Multiple Endocrine Neoplasia Type 1 (MEN1)

This genetic mutation can increase the likelihood of developing tumors close to the pituitary and other similar endocrine glands.

Kallman Syndrome

This is a genetic condition due to a deficiency in GnRH (gonadotropin-releasing hormone). This can create a reduction in LH and FSH production while halting a child’s puberty and hampering their ability to smell.

Pituitary Infarction

This is often cited as a leading cause of bleeding near a benign pituitary tumor. It occurs once the surrounding tissues have been damaged (hypopituitarism).

Sheehan Syndrome

This is a rare condition that occurs after childbirth. It takes place due to excessive bleeding during birth, causing the pituitary gland to lose function. This is noted as a pituitary infarction.

Tests

Comprehensive lab testing can determine the presence of too much or too little hormones. These tests can also pinpoint specific pituitary disorders, their severity, and what type of treatment is best for the individual. With cases of inherited conditions, the risk of a pituitary disorder is seen across all ages and demands constant checkups.

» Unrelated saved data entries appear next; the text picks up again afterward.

(** * Counting isomorphism classes *)

Lemma card_distant_graphs_small n : 323 <= n -> n * #|distant_graphs n| <= #|simple_graphs n|.
Proof.
move=> n_large; rewrite -(@leq_pmul2l (4 ^ (n - 2))) ?expn_gt0 // mulnCA.
apply: leq_trans (leq_mul (leqnn n) (card_distant_graphs n)) _.
have -> : n * (n * n * 3 ^ (n - 2) * #|simple_graphs n|)
    = n ^ 3 * 3 ^ (n - 2) * #|simple_graphs n| by rewrite (expnS n 2) (expnS n 1) expn1 !mulnA.
by rewrite leq_mul2r cube_exp3_le_exp4 ?orbT.
Qed.

Lemma acts_distant_graphs n :
  [acts [set: {perm 'I_n}], on distant_graphs n | relabel_action n].
Proof. by apply/actsP => s _ g; rewrite !inE /= simpleb_relabel has_distant_pair_relabel. Qed.

Lemma unique_classes_sub_distant n : 2 < n ->
  unique_classes n \subset orbit (relabel_action n) [set: {perm 'I_n}] @: distant_graphs n.
Proof.
move=> n_gt2; apply/subsetP => C; rewrite inE => /andP[/imsetP[g sg C_def] /asboolP C_unique].
rewrite inE in sg.
have g_unique : harm_unique g.
  apply: C_unique; rewrite C_def inE sg /=; apply/existsP; exists 1%g.
  by apply/forallP => x; apply/forallP => y; rewrite !perm1.
have g_distant : has_distant_pair g.
  by apply: contraT => /(diam2_not_harm_unique n_gt2 sg)/(_ g_unique).
by rewrite C_def iso_class_orbit // imset_f // inE sg.
Qed.

Lemma card_distant_orbits_small n : 323 <= n ->
  n * #|orbit (relabel_action n) [set: {perm 'I_n}] @: distant_graphs n|
    <= 2 * #|iso_classes n|.
Proof.
move=> n_large.
set G := [set: {perm 'I_n}]; set act := relabel_action n.
set S := simple_graphs n; set D := distant_graphs n.
have G_gt0 : 0 < #|G| by apply/card_gt0P; exists 1%g; rewrite inE.
have sum_D : \sum_(s in G) #|('Fix_(D | act)[s])%g|
    <= #|D| + \sum_(s | s != 1%g) #|('Fix_(S | act)[s])%g|.
  rewrite (bigD1 1%g) ?inE //=; apply: leq_add; first exact/subset_leq_card/subsetIl.
  rewrite (eq_bigl (fun s => s != 1%g)) => [|s]; last by rewrite inE.
  apply: leq_sum => s _; apply/subset_leq_card/setSI.
  by apply/subsetP => g; rewrite !inE => /andP[].
have sum_S : #|S| <= \sum_(s in G) #|('Fix_(S | act)[s])%g|.
  rewrite (bigD1 1%g) ?inE //=; apply: leq_trans (leq_addr _ _).
  apply/subset_leq_card/subsetP => g gS; rewrite inE gS; apply/afix1P; exact: relabel1.
have burnside_S := Frobenius_Cauchy (acts_simple n); rewrite -iso_classesE in burnside_S.
rewrite -(leq_pmul2r G_gt0) -mulnA -(Frobenius_Cauchy (acts_distant_graphs n)).
rewrite -mulnA -burnside_S; apply: leq_trans (leq_mul (leqnn n) sum_D) _.
rewrite mulnDr; apply: (@leq_trans (#|S| + #|S|)).
  apply: leq_add; first exact: card_distant_graphs_small.
  exact: sum_card_fixed_nontrivial (quartic_le_exp2_div8 n_large).
by rewrite addnn -mul2n leq_mul2l sum_S orbT.
Qed.

Lemma unique_classes_small n : 323 <= n ->
  n.+1 * #|unique_classes n| <= 3 * #|iso_classes n|.
Proof.
move=> n_large; rewrite mulSn (mulSn 2) leq_add //.
  by apply/subset_leq_card/subsetP => C; rewrite inE => /andP[].
apply: leq_trans (card_distant_orbits_small n_large).
rewrite leq_mul2l subset_leq_card ?orbT // unique_classes_sub_distant //.
by apply: (leq_trans _ n_large).
Qed.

It’s recommended to seek scheduled testing to compare hormonal measurements at different ages. This can help diagnose fluctuations in TSH (thyroid-stimulating hormone) along with additional hormones produced by the endocrine system such as Thyroxine (Thyroid Gland Hormone T4).

Tests can assess the following hormones:

LH and FSH

Prolactin Cortisol and ACTH

Free T4 (Thyroxine) and TSH IGF-1 and GH

Regular test results may include:

  • Constant TSH Levels
  • Varying Cortisol Levels
  • Cyclical LH and FSH Levels (Menstrual Cycle Only)
  • Increased Prolactin Production (During Breastfeeding for Women or Periods of Stress)

These variations in each test necessitate regular testing to pinpoint specific trends in the hormonal levels. This can help determine whether a person has excess or deficient hormones. It can also account for medicine-related suppression or production.